[Collected data entries]

______

(* Let $\mathsf{S}$ be a random sprinkle in $d$-dimensional Minkowski spacetime, i.e. the set of points of a Poisson point process with intensity $\rho\cdot\nu$ ($\rho>0$ a constant, $\nu$ the Lebesgue volume measure), equipped with the causal order restricted from Minkowski spacetime. Then, with probability $1$, $\mathsf{S}$ is total locally unsymmetric.
   Context: Minkowski spacetime $\mathbb{M}^d$ is $\mathbb{R}^{d}=\mathbb{R}^{1,d-1}$ with metric $\mathrm{diag}(1,-1,\dots,-1)$, partially ordered by $x\le y$ iff $y-x$ is zero or a future-directed causal vector. For the Poisson process, the number of points in a bounded region $U$ is Poisson distributed with mean $\rho\,\nu(U)$, independently for disjoint regions. Local (un)symmetry: $\ell(X)$ is the cardinality of a longest chain of a poset $X$. A subset $A$ of a poset $X$ is maximally ordered in $X$ if $|\{(a,b)\in A\times A:a<b\}|$ is maximal among subsets of $X$ of cardinality $|A|$. For $\sigma\in\mathrm{Aut}(P)$, $\Sigma(\sigma)=\{a:\sigma(a)\ne a\}$. For a finite poset $Q$ and $r\ge2$: $\sigma$ is a $(Q,r)$-generator if there exist subsets $S_0,\dots,S_{r-1}\subset\Sigma(\sigma)$, each isomorphic to $Q$, which are smallest maximally ordered subsets of $\Sigma(\sigma)$ with $\sigma(S_i)=S_{(i+1)\bmod r}$, $\ell(S_i)=\ell(\Sigma(\sigma))$, $\bigcup_iS_i=\Sigma(\sigma)$; distinct $S_i,S_j$ are $(Q,r)$-symmetric subsets. Elements $a,b$ are $(Q,r,0)$-symmetric if $a=b$; $(Q,r,1)$-symmetric if there are $(Q,r)$-symmetric subsets $A,B$ with generator $\sigma$, $a\in A$, $b=\sigma^q(a)\in B$, $1\le q<r$; for $m\ge2$, $(Q,r,m)$-symmetric if not $(Q,r,j)$-symmetric for $j<m$ but there exist $c$, $j<m$ with $a$ $(Q,r,j)$-symmetric to $c$ and $c$ $(Q,r,m-j)$-symmetric to $b$; $(Q,r)$-symmetric if $(Q,r,m)$-symmetric for some $m\ge0$ (an equivalence relation). $P\oslash_rQ$ is the quotient poset of equivalence classes with $E\le F$ iff some $e\in E$, $f\in F$ satisfy $e\le f$. $P$ is locally symmetric if $P\oslash_rQ\not\cong P$ for some finite $Q$ and $r\ge2$, locally unsymmetric otherwise. For $k\in\mathbb{N}_0$, a poset $P$ is $k$-stable locally unsymmetric if for every subset $S\subseteq P$ with $|S|\le k$ the poset $P\setminus S$ (with induced order) is locally unsymmetric. $P$ is total locally unsymmetric if it is $k$-stable locally unsymmetric for every finite $k<|P|$. *)

From HB Require Import structures.
From mathcomp Require Import all_boot all_order all_algebra.
From mathcomp Require Import finmap.
From mathcomp Require Import all_classical all_reals all_analysis.
Set Implicit Arguments. Unset Strict Implicit. Unset Printing Implicit Defensive.
Import Order.TTheory GRing.Theory Num.Theory.
Local Open Scope classical_set_scope.
Local Open Scope ring_scope.

(* Posets presented as a carrier set X : set T with an order le on T   *)
(* (induced order).                                                    *)
Section PosetNotions.
Variables (T : choiceType) (le : T -> T -> Prop).

Definition plt (a b : T) : Prop := le a b /\ a <> b.

Definition card (A : set T) : nat := (#|` fset_set A|)%fset.

Definition is_chain (X C : set T) : Prop :=
  C `<=` X /\ forall a b, C a -> C b -> le a b \/ le b a.

Definition ell (X : set T) (n : nat) : Prop :=
  (exists C, [/\ is_chain X C, finite_set C & card C = n]) /\
  (forall C, is_chain X C -> finite_set C -> (card C <= n)%N).

Definition nrel (A : set T) : nat :=
  (#|` fset_set [set p : T * T | [/\ A p.1, A p.2 & plt p.1 p.2]]|)%fset.

Definition maxord (X A : set T) : Prop :=
  [/\ A `<=` X, finite_set A &
   forall B, B `<=` X -> finite_set B -> card B = card A -> (nrel B <= nrel A)%N].

Definition automorphism (P : set T) (s : T -> T) : Prop :=
  [/\ forall a, P a -> P (s a),
      forall a b, P a -> P b -> s a = s b -> a = b,
      forall b, P b -> exists2 a, P a & s a = b &
      forall a b, P a -> P b -> (le a b <-> le (s a) (s b))].

Definition moved (P : set T) (s : T -> T) : set T := [set a | P a /\ s a <> a].

End PosetNotions.

Definition poset_iso (T U : Type) (leX : T -> T -> Prop) (X : set T)
    (leY : U -> U -> Prop) (Y : set U) : Prop :=
  exists f : T -> U,
    [/\ forall a, X a -> Y (f a),
        forall a b, X a -> X b -> f a = f b -> a = b,
        forall y, Y y -> exists2 a, X a & f a = y &
        forall a b, X a -> X b -> (leX a b <-> leY (f a) (f b))].

(* finite posets Q are given on 'I_n by a boolean relation *)
Definition fin_partial_order (n : nat) (q : rel 'I_n) : Prop :=
  [/\ forall i, q i i,
      forall i j, q i j -> q j i -> i = j &
      forall i j k, q i j -> q j k -> q i k].

Section LocalSymmetry.
Variables (T : choiceType) (le : T -> T -> Prop) (P : set T).
Variables (n : nat) (q : rel 'I_n) (r : nat).

Definition generator (s : T -> T) (S : nat -> set T) : Prop :=
  let Sig := moved P s in
  [/\ automorphism le P s,
      (forall i, (i < r)%N ->
        [/\ S i `<=` Sig,
            poset_iso le (S i) (fun a b => q a b) [set: 'I_n],
            maxord le Sig (S i),
            (forall S', maxord le Sig S' ->
               (exists l, ell le S' l /\ ell le Sig l) ->
               (card (S i) <= card S')%N) &
            s @` S i = S (i.+1 %% r)%N /\
            exists l, ell le (S i) l /\ ell le Sig l]) &
      Sig = \bigcup_(i in [set i : nat | (i < r)%N]) S i].

Definition sym1 (a b : T) : Prop :=
  exists (s : T -> T) (S : nat -> set T) (i j q0 : nat),
    [/\ generator s S, (i < r)%N, (j < r)%N, S i <> S j &
        [/\ S i a, (1 <= q0 < r)%N, b = iter q0 s a & S j b]].

(* symlev N m a b, for m <= N, is (Q,r,m)-symmetry *)
Fixpoint symlev (N : nat) : nat -> T -> T -> Prop :=
  match N with
  | 0 => fun _ a b => a = b
  | N'.+1 => fun m a b =>
      if (m <= N')%N then symlev N' m a b
      else if m == 1%N then sym1 a b
      else (forall j, (j < m)%N -> ~ symlev N' j a b) /\
           exists c j, [/\ (1 <= j)%N, (j < m)%N,
                          symlev N' j a c & symlev N' (m - j) c b]
  end.

Definition symQ (a b : T) : Prop := exists m, symlev m m a b.

Definition quot_carrier : set (set T) :=
  [set E | exists2 a, P a & E = [set b | P b /\ symQ a b]].

Definition quot_le (E F : set T) : Prop :=
  exists e f, [/\ E e, F f & le e f].

End LocalSymmetry.

Definition locally_symmetric (T : choiceType) (le : T -> T -> Prop) (P : set T) :=
  exists (n : nat) (q : rel 'I_n) (r : nat),
    [/\ fin_partial_order q, (2 <= r)%N &
        ~ poset_iso le P (@quot_le T le) (quot_carrier le P q r)].

Definition locally_unsymmetric (T : choiceType) (le : T -> T -> Prop) (P : set T) :=
  ~ locally_symmetric le P.

Definition k_stable_lu (T : choiceType) (le : T -> T -> Prop) (k : nat) (P : set T) :=
  forall S, S `<=` P -> finite_set S -> (card S <= k)%N ->
    locally_unsymmetric le (P `\` S).

Definition total_lu (T : choiceType) (le : T -> T -> Prop) (P : set T) :=
  forall k : nat, (infinite_set P \/ (k < card P)%N) -> k_stable_lu le k P.

(* Minkowski spacetime M^n = R^{1,n-1}, points are row vectors 'rV_n, *)
(* coordinate 0 is time.                                              *)
Definition causal_le (R : realType) (d : nat) (x y : 'rV[R]_d.+1) : Prop :=
  let v := y - x in
  0 <= v 0 0 /\ \sum_(i < d) (v 0 (lift ord0 i)) ^+ 2 <= (v 0 0) ^+ 2.

(* 'rV_n with its (arbitrary) base point 0, needed for the generated
   sigma-algebra construction *)
Definition prV (R : realType) (n : nat) : Type := 'rV[R]_n.
HB.instance Definition _ (R : realType) (n : nat) := Choice.on (prV R n).
HB.instance Definition _ (R : realType) (n : nat) :=
  isPointed.Build (prV R n) (0 : 'rV[R]_n).

Section Sprinkle.
Variables (R : realType) (n : nat).

Definition box_set (a b : 'rV[R]_n) : set 'rV[R]_n :=
  [set x | forall i, a 0 i < x 0 i < b 0 i].

Definition boxes : set (set (prV R n)) := [set B | exists a b, B = box_set a b].

(* R^n with its Borel sigma-algebra (generated by open boxes) *)
Local Notation Rn := (g_sigma_algebraType boxes).

(* nu is the Lebesgue volume measure: it gives boxes their volume
   (this determines it uniquely on Borel sets) *)
Definition is_lebesgue (nu : {measure set Rn -> \bar R}) : Prop :=
  forall a b, nu (box_set a b) = (\prod_(i < n) Num.max 0 (b 0 i - a 0 i))%:E.

Definition bounded_set (U : set 'rV[R]_n) : Prop :=
  exists M : R, forall x, U x -> forall i, `|x 0 i| <= M.

Definition poisson_prob (mu : R) (k : nat) : R :=
  mu ^+ k / (k`!)%:R * expR (- mu).

Definition count_event (Om : Type) (S : Om -> set 'rV[R]_n) (U : set 'rV[R]_n)
    (k : nat) : set Om :=
  [set w | finite_set (S w `&` U) /\ card (S w `&` U) = k].

(* S is (the set of points of) a Poisson point process of intensity rho * nu:
   for pairwise disjoint bounded Borel sets U_1..U_m, the counts are
   independent and Poisson with means rho * nu(U_i) *)
Definition poisson_point_process (dO : measure_display) (Om : measurableType dO)
    (Pr : probability Om R) (nu : {measure set Rn -> \bar R}) (rho : R)
    (S : Om -> set 'rV[R]_n) : Prop :=
  forall (m : nat) (U : 'I_m -> set Rn) (k : 'I_m -> nat),
    (forall i, measurable (U i) /\ bounded_set (U i)) ->
    (forall i j, i != j -> U i `&` U j = set0) ->
    let E := [set w | forall i, count_event S (U i) (k i) w] in
    measurable E /\
    Pr E = (\prod_(i < m) poisson_prob (rho * fine (nu (U i))) (k i))%:E.

End Sprinkle.

Notation Rn R n := (g_sigma_algebraType (@boxes R n)).

From Pilot Require Import Defs.
From HB Require Import structures.
From mathcomp Require Import all_boot all_order all_algebra finmap.
From mathcomp Require Import all_classical all_reals all_analysis.
From mathcomp Require Import lra.
Import Order.TTheory GRing.Theory Num.Theory numFieldNormedType.Exports.
Local Open Scope classical_set_scope.
Local Open Scope ring_scope.
Set Implicit Arguments. Unset Strict Implicit. Unset Printing Implicit Defensive.

(* A poset in which every automorphism moving only finitely many points is the
   identity is locally unsymmetric: the moved set of a (Q,r)-generator is a
   finite union of copies of Q, so no two distinct points are (Q,r)-symmetric
   and the quotient is the poset itself.  Hence it suffices to show that,
   almost surely, no S \ F (F finite) has a nontrivial finitely supported
   automorphism.  In dimension 1 the order is total, and a moved point with
   minimal time coordinate gives a contradiction.  In higher dimension, two
   distinct points x, y differ in some null coordinate t - (+/-) x_k, and a
   small cube far out along a null ray lies in the causal future of the point
   with the smaller null coordinate but not of the other one.  Translating the
   cube along the ray gives disjoint sets of equal volume, so the Poisson
   process almost surely hits infinitely many of them; restricting to rational
   rays makes this a countable family of almost sure events.  The hits give,
   outside any finite set, points separating x from y, and an automorphism
   fixing such a point cannot map y to x. *)

Section FinitelyRigid.
Variables (T : choiceType) (le : T -> T -> Prop).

______

Aim of the task ->
Please transcribe exactly the lines above from the line that has "(leY : U -> U" up to and including the line that has "(* symlev N"; no other line belongs in the answer.

Solution to this problem ->
    (leY : U -> U -> Prop) (Y : set U) : Prop :=
  exists f : T -> U,
    [/\ forall a, X a -> Y (f a),
        forall a b, X a -> X b -> f a = f b -> a = b,
        forall y, Y y -> exists2 a, X a & f a = y &
        forall a b, X a -> X b -> (leX a b <-> leY (f a) (f b))].

(* finite posets Q are given on 'I_n by a boolean relation *)
Definition fin_partial_order (n : nat) (q : rel 'I_n) : Prop :=
  [/\ forall i, q i i,
      forall i j, q i j -> q j i -> i = j &
      forall i j k, q i j -> q j k -> q i k].

Section LocalSymmetry.
Variables (T : choiceType) (le : T -> T -> Prop) (P : set T).
Variables (n : nat) (q : rel 'I_n) (r : nat).

Definition generator (s : T -> T) (S : nat -> set T) : Prop :=
  let Sig := moved P s in
  [/\ automorphism le P s,
      (forall i, (i < r)%N ->
        [/\ S i `<=` Sig,
            poset_iso le (S i) (fun a b => q a b) [set: 'I_n],
            maxord le Sig (S i),
            (forall S', maxord le Sig S' ->
               (exists l, ell le S' l /\ ell le Sig l) ->
               (card (S i) <= card S')%N) &
            s @` S i = S (i.+1 %% r)%N /\
            exists l, ell le (S i) l /\ ell le Sig l]) &
      Sig = \bigcup_(i in [set i : nat | (i < r)%N]) S i].

Definition sym1 (a b : T) : Prop :=
  exists (s : T -> T) (S : nat -> set T) (i j q0 : nat),
    [/\ generator s S, (i < r)%N, (j < r)%N, S i <> S j &
        [/\ S i a, (1 <= q0 < r)%N, b = iter q0 s a & S j b]].

(* symlev N m a b, for m <= N, is (Q,r,m)-symmetry *)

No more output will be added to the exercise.